DATASET CONTENT: Begin

(* Let $\mathbb{Z}_{(p_n)}$ be an odometer with scale $(p_n)$. Then $\operatorname{Aut}^{(\infty)}(\mathbb{Z}_{(p_n)},+\mathbf{1})$ is isomorphic to the direct limit of a sequence $$\mathbb{Z}_{(p_n)}\xrightarrow{j_0}\mathbb{Z}_{(p_{n+1}/p_1)}^{p_1}\rtimes\operatorname{Sym}(p_1)\xrightarrow{j_1}\mathbb{Z}_{(p_{n+2}/p_2)}^{p_2}\rtimes\operatorname{Sym}(p_2)\xrightarrow{j_2}\mathbb{Z}_{(p_{n+3}/p_3)}^{p_3}\rtimes\operatorname{Sym}(p_3)\xrightarrow{j_3}\cdots$$ where the maps $j_k$ are injective group homomorphisms.
   Context: A scale is a sequence $(p_n)$ of positive integers with $p_n\mid p_{n+1}$, not eventually constant. The odometer is $\mathbb{Z}_{(p_n)}=\{(x_n)\in\prod_n\mathbb{Z}/p_n\mathbb{Z}: x_{n+1}\equiv x_n\bmod p_n\}$ with translation by $\mathbf{1}=(1,1,\dots)$; $\mathbb{Z}_{(p_{n+k}/p_k)}$ denotes the odometer with scale $(p_{n+k}/p_k)_{n\ge1}$. $\operatorname{Aut}(X,T)$ is the group of homeomorphisms commuting with $T$ and $\operatorname{Aut}^{(\infty)}(X,T)=\bigcup_{n\ge1}\operatorname{Aut}(X,T^n)\subseteq\operatorname{Homeo}(X)$. In $H^{p}\rtimes\operatorname{Sym}(p)$ the symmetric group acts by permuting coordinates. *)

From mathcomp Require Import all_boot all_order all_fingroup.
From Stdlib Require Import ProofIrrelevance FunctionalExtensionality.

Set Implicit Arguments.
Unset Strict Implicit.
Unset Printing Implicit Defensive.

(* Scales.  The paper's scale (p_n)_{n>=1} is represented 0-indexed:  *)
(*   p : nat -> nat  with  p n = p_{n+1}.                             *)
Definition is_scale (p : nat -> nat) : Prop :=
  [/\ (forall n, 0 < p n),
      (forall n, p n %| p n.+1) &
      ~ (exists N, forall n, N <= n -> p n = p N)].

(* Odometer: Z_(s) = {(x_n) in prod_n Z/s_n : x_{n+1} = x_n mod s_n}, *)
(* elements of Z/s_n represented by residues in [0, s_n).             *)
Definition odo_pred (s : nat -> nat) (x : nat -> nat) : Prop :=
  forall n, x n < s n /\ x n.+1 = x n %[mod s n].
Lemma propagation_V0_quad ts Cs k : propagation V0 delta0 ts Cs ->
  (k < size Cs)%N -> nth 0 ts k < 19/5 -> exists r, nth [::] Cs k = [:: rot r quad].
Proof.
move=> prop; have ts_ge0 k' := @propagation_ts_ge0 _ _ _ _ _ k' prop.
case: prop => _ [_ [_ [ts_lt [Cs0 [Cs_valid [Cs_event _]]]]]].
elim: k => [|k IH] hk ts_k; first by exists 0%N; rewrite Cs0.
have ts_k1 := ts_lt k.+1 hk; have ts_k0 := ts_lt k (ltnW hk).
have [r eq_k] := IH (ltnW hk) (lt_trans ts_k0 ts_k).
have ts_k_ge0 := ts_ge0 k (ltnW (ltnW hk)).
apply: (@quad_event_step r _ (nth 0 ts k.+1) ((nth 0 ts k.+1 + nth 0 ts k.+2) / 2)).
- by apply/andP; split; lra.
- by rewrite -eq_k; apply: Cs_event.
- by apply: Cs_valid => //; apply/andP; split; lra.
Qed.

Lemma propagation_V0_end ts Cs : propagation V0 delta0 ts Cs -> 19/5 <= nth 0 ts (size Cs).
Proof.
move=> prop; rewrite leNgt; apply/negP => end_lt.
have [_ [Cs_gt0 [_ [ts_lt [_ [_ [_ Cs_end]]]]]]] := prop.
have last_lt : ((size Cs).-1 < size Cs)%N by rewrite prednK.
have ts_last := ts_lt _ last_lt; rewrite prednK // in ts_last.
have [r eq_last] := propagation_V0_quad prop last_lt (lt_trans ts_last end_lt).
have end_gt0 : 0 < nth 0 ts (size Cs).
  by apply: le_lt_trans ts_last; apply: propagation_ts_ge0 prop _; rewrite leq_pred.
have end_in : 0 < nth 0 ts (size Cs) < 19/5 by apply/andP; split.
have := Cs_end (rot r quad); rewrite eq_last mem_head area2_wpoly_rot => /(_ isT).
by have := quad_area2_gt0 end_in; lra.
Qed.

Lemma face_V0_origin ts Cs : propagation V0 delta0 ts Cs -> face V0 delta0 ts Cs 1 (1, 0).
Proof.
case=> _ [Cs_gt0 [ts0 [ts_lt [Cs0 _]]]]; exists 0%N, 0; split=> //; split.
  by have := ts_lt 0%N Cs_gt0; rewrite ts0 => ?; apply/andP; split; lra.
rewrite Cs0; apply/frag1P; exists 0%N; split=> //.
rewrite wpoly_quad // /edge_seg /vtx /= /Q0 /Q1 lag_le1; last lra.
exists (1/8); split; first by apply/andP; split; lra.
by rewrite /padd /pscale /psub /=; congr pair; lra.
Qed.

Lemma face_V0_high ts Cs : propagation V0 delta0 ts Cs -> face V0 delta0 ts Cs 1 (1, 3).
Proof.
move=> prop; have end_ge := propagation_V0_end prop.
have [_ [_ [ts0 _]]] := prop.
have start : nth 0 ts 0 <= 3 by rewrite ts0; lra.
have stop : 3 < nth 0 ts (size Cs) by lra.
have [k [hk /andP[ts_k ts_k1]]] := @exists_crossing_step _ _ (nth 0 ts) 3 _ start stop.
have [r eq_k] : exists r, nth [::] Cs k = [:: rot r quad] by apply: (propagation_V0_quad prop hk); lra.
exists k, 3; split=> //; split; first by apply/andP; split; lra.
rewrite eq_k frag_rot; apply/frag1P; exists 0%N; split=> //.
rewrite wpoly_quad; last lra.
rewrite /edge_seg /vtx /= /Q0 /Q1 lag_ge1; last lra.
exists (1/4); split; first by apply/andP; split; lra.
by rewrite /padd /pscale /psub /=; congr pair; lra.
Qed.

Lemma face_V0_gap ts Cs : propagation V0 delta0 ts Cs -> ~ face V0 delta0 ts Cs 1 (1, 1).
Proof.
move=> prop [k [t [hk [/andP[ts_k ts_k1] x_frag]]]].
have [_ [_ [_ [ts_lt [_ [Cs_valid _]]]]]] := prop.
have ts_lt_k := ts_lt k hk.
have k_valid : valid_config V0 delta0 (nth [::] Cs k) ((nth 0 ts k + nth 0 ts k.+1) / 2).
  by apply: Cs_valid => //; apply/andP; split; lra.
have t_ge0 : 0 <= t by apply: le_trans ts_k; exact: propagation_ts_ge0 prop (ltnW hk).
have := frag_on_wline k_valid x_frag.
rewrite /wline /= off_V0 // innormal_V0 // /dot /= => t_eq1.
have ? : t = 1 by lra.
subst t.
have [r eq_k] : exists r, nth [::] Cs k = [:: rot r quad] by apply: (propagation_V0_quad prop hk); lra.
move: x_frag; rewrite eq_k frag_rot => /frag1P [j [hj lab_j hx]].
move: hj lab_j hx; rewrite wpoly_quad; last lra.
case: j => [|[|[|[|j]]]] //= _ _; rewrite /edge_seg /vtx /= /Q0 /Q1 lag_le1; last lra.
move=> hx; suff : 1 < dot (1, 0) (1, 1 : R) by rewrite /dot /=; lra.
by apply: seg_dot_gt hx; rewrite /dot /=; lra.
Qed.

Theorem lemma7 :
  exists (V : seq (Rdefinitions.R * Rdefinitions.R)) (delta : nat -> Rdefinitions.R) (e : nat),
    simple_polygon V /\
    (forall i, (i < size V)%N -> 0 <= delta i) /\
    (e < size V)%N /\
    (exists ts Cs, propagation V delta ts Cs) /\
    (forall ts Cs, propagation V delta ts Cs ->
       ~ monotone_wrt (face V delta ts Cs e) (edir V e)).
Proof.
exists V0, delta0, 1%N; split; first exact: simple_V0.
split; first by move=> i _; rewrite /delta0; case: eqP => _; lra.
split=> //; split; first by exists ts0, Cs0; exact: propagation_V0.
move=> ts Cs prop /(_ 8); rewrite edir_V0 //= => conn.
have on_line (y : R) : dot (8, 0) (1, y) = 8 by rewrite /dot /=; lra.
have between : 0 <= (1 : R) <= 3 by apply/andP; split; lra.
have [[z1 z2] [z_face z_line] /= z2_eq1] := connected_snd_between conn
  (conj (face_V0_origin prop) (on_line 0)) (conj (face_V0_high prop) (on_line 3)) between.
have z1_eq1 : z1 = 1 by move: z_line; rewrite /dot /=; lra.
by apply: (face_V0_gap prop); rewrite -[X in (X, _)]z1_eq1 -z2_eq1.
Qed.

DATASET CONTENT: End

- TASK DETAILS -
Starting at the line above that holds "- by apply: Cs_valid" and ending at the line that holds "have [r eq_last]", transcribe each line exactly and include no other lines.

- TASK RESULT -
- by apply: Cs_valid => //; apply/andP; split; lra.
Qed.

Lemma propagation_V0_end ts Cs : propagation V0 delta0 ts Cs -> 19/5 <= nth 0 ts (size Cs).
Proof.
move=> prop; rewrite leNgt; apply/negP => end_lt.
have [_ [Cs_gt0 [_ [ts_lt [_ [_ [_ Cs_end]]]]]]] := prop.
have last_lt : ((size Cs).-1 < size Cs)%N by rewrite prednK.
have ts_last := ts_lt _ last_lt; rewrite prednK // in ts_last.
have [r eq_last] := propagation_V0_quad prop last_lt (lt_trans ts_last end_lt).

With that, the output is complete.